### WORK INSTRUCTIONS
Copy the first line of the material below and every later line through the line containing "Definition pm_mod (N", without any other output.

### DATA SUPPLIED
******************************

Lemma half_reachable_perm m s s' :
  perm_eq s s' -> half_reachable m s -> half_reachable m s'.
Proof. by move=> pss' [y /(signed_sum_perm pss') s'y dy]; exists y. Qed.

Lemma half_reachable_size m s : {in s, forall a, ~~ (2 ^+ m.+1 %| a)%Z} ->
  (2 ^ m <= size s)%N -> half_reachable m s.
Proof.
elim: m s => [|m IH] s nds.
  case: s nds => [|a s] // nds _; exists (1 * a + 0).
    by apply: signed_sum_cons => //; apply: signed_sum0.
  by move: (nds a (mem_head _ _)); rewrite expr1 expr0; lia.
have [H ndH [sH hHs]] := halving nds; move=> le_s.
apply: half_reachable_halves hHs _; apply: IH => //.
by rewrite sH; move: le_s; rewrite -(count_predC (dvdz 2) s) expnS; lia.
Qed.

Lemma half_reachable_even m s : {in s, forall a, ~~ (2 ^+ m.+1 %| a)%Z} ->
  ((2 ^ m).-1 <= size s)%N -> has (dvdz 2) s -> half_reachable m s.
Proof.
case: m => [|m] nds le_s /hasP [a sa ea].
  by move: (nds a sa); rewrite expr1; lia.
have [H ndH [sH hHs]] := halving nds.
apply: half_reachable_halves hHs _; apply: half_reachable_size => //.
have : (0 < count (dvdz 2) s)%N by rewrite -has_count; apply/hasP; exists a.
by rewrite sH; move: le_s; rewrite -(count_predC (dvdz 2) s) expnS; lia.
Qed.

Definition pm_mod (N a b : int) := (N %| a - b)%Z || (N %| a + b)%Z.

Lemma half_reachable_pair m a b s :
  {in [:: a, b & s], forall x, ~~ (2 ^+ m.+1 %| x)%Z} ->
  ((2 ^ m).-1 <= (size s).+2)%N -> ~~ (2 %| a)%Z -> ~~ (2 %| b)%Z ->
  ~~ pm_mod (2 ^+ m.+1) a b -> half_reachable m [:: a, b & s].
Proof.
case: m => [|m] nds le_s oa ob; first by rewrite /pm_mod expr1; lia.
case/norP=> ndB ndD.
have [h hab eh] := half_sum_or_diff true oa ob.
have [|H ndH [sH hHs]] := halving (m := m) (s := s).
  by move=> x sx; apply: nds; rewrite !inE sx !orbT.
apply: half_reachable_halves (halves_pair hab hHs) _.
apply: half_reachable_even; last by apply/hasP; exists h; [exact: mem_head | exact: eh].
- move=> x; rewrite inE => /predU1P [->|/ndH //].
  rewrite -(dvdz_mul2l (isT : 2 != 0 :> int)) -exprS.
  by case: hab => ->.
- by rewrite /= sH; move: le_s; rewrite -(count_predC (dvdz 2) s) expnS; lia.
Qed.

******************************

### WORKED SOLUTION
Lemma half_reachable_perm m s s' :
  perm_eq s s' -> half_reachable m s -> half_reachable m s'.
Proof. by move=> pss' [y /(signed_sum_perm pss') s'y dy]; exists y. Qed.

Lemma half_reachable_size m s : {in s, forall a, ~~ (2 ^+ m.+1 %| a)%Z} ->
  (2 ^ m <= size s)%N -> half_reachable m s.
Proof.
elim: m s => [|m IH] s nds.
  case: s nds => [|a s] // nds _; exists (1 * a + 0).
    by apply: signed_sum_cons => //; apply: signed_sum0.
  by move: (nds a (mem_head _ _)); rewrite expr1 expr0; lia.
have [H ndH [sH hHs]] := halving nds; move=> le_s.
apply: half_reachable_halves hHs _; apply: IH => //.
by rewrite sH; move: le_s; rewrite -(count_predC (dvdz 2) s) expnS; lia.
Qed.

Lemma half_reachable_even m s : {in s, forall a, ~~ (2 ^+ m.+1 %| a)%Z} ->
  ((2 ^ m).-1 <= size s)%N -> has (dvdz 2) s -> half_reachable m s.
Proof.
case: m => [|m] nds le_s /hasP [a sa ea].
  by move: (nds a sa); rewrite expr1; lia.
have [H ndH [sH hHs]] := halving nds.
apply: half_reachable_halves hHs _; apply: half_reachable_size => //.
have : (0 < count (dvdz 2) s)%N by rewrite -has_count; apply/hasP; exists a.
by rewrite sH; move: le_s; rewrite -(count_predC (dvdz 2) s) expnS; lia.
Qed.

Definition pm_mod (N a b : int) := (N %| a - b)%Z || (N %| a + b)%Z.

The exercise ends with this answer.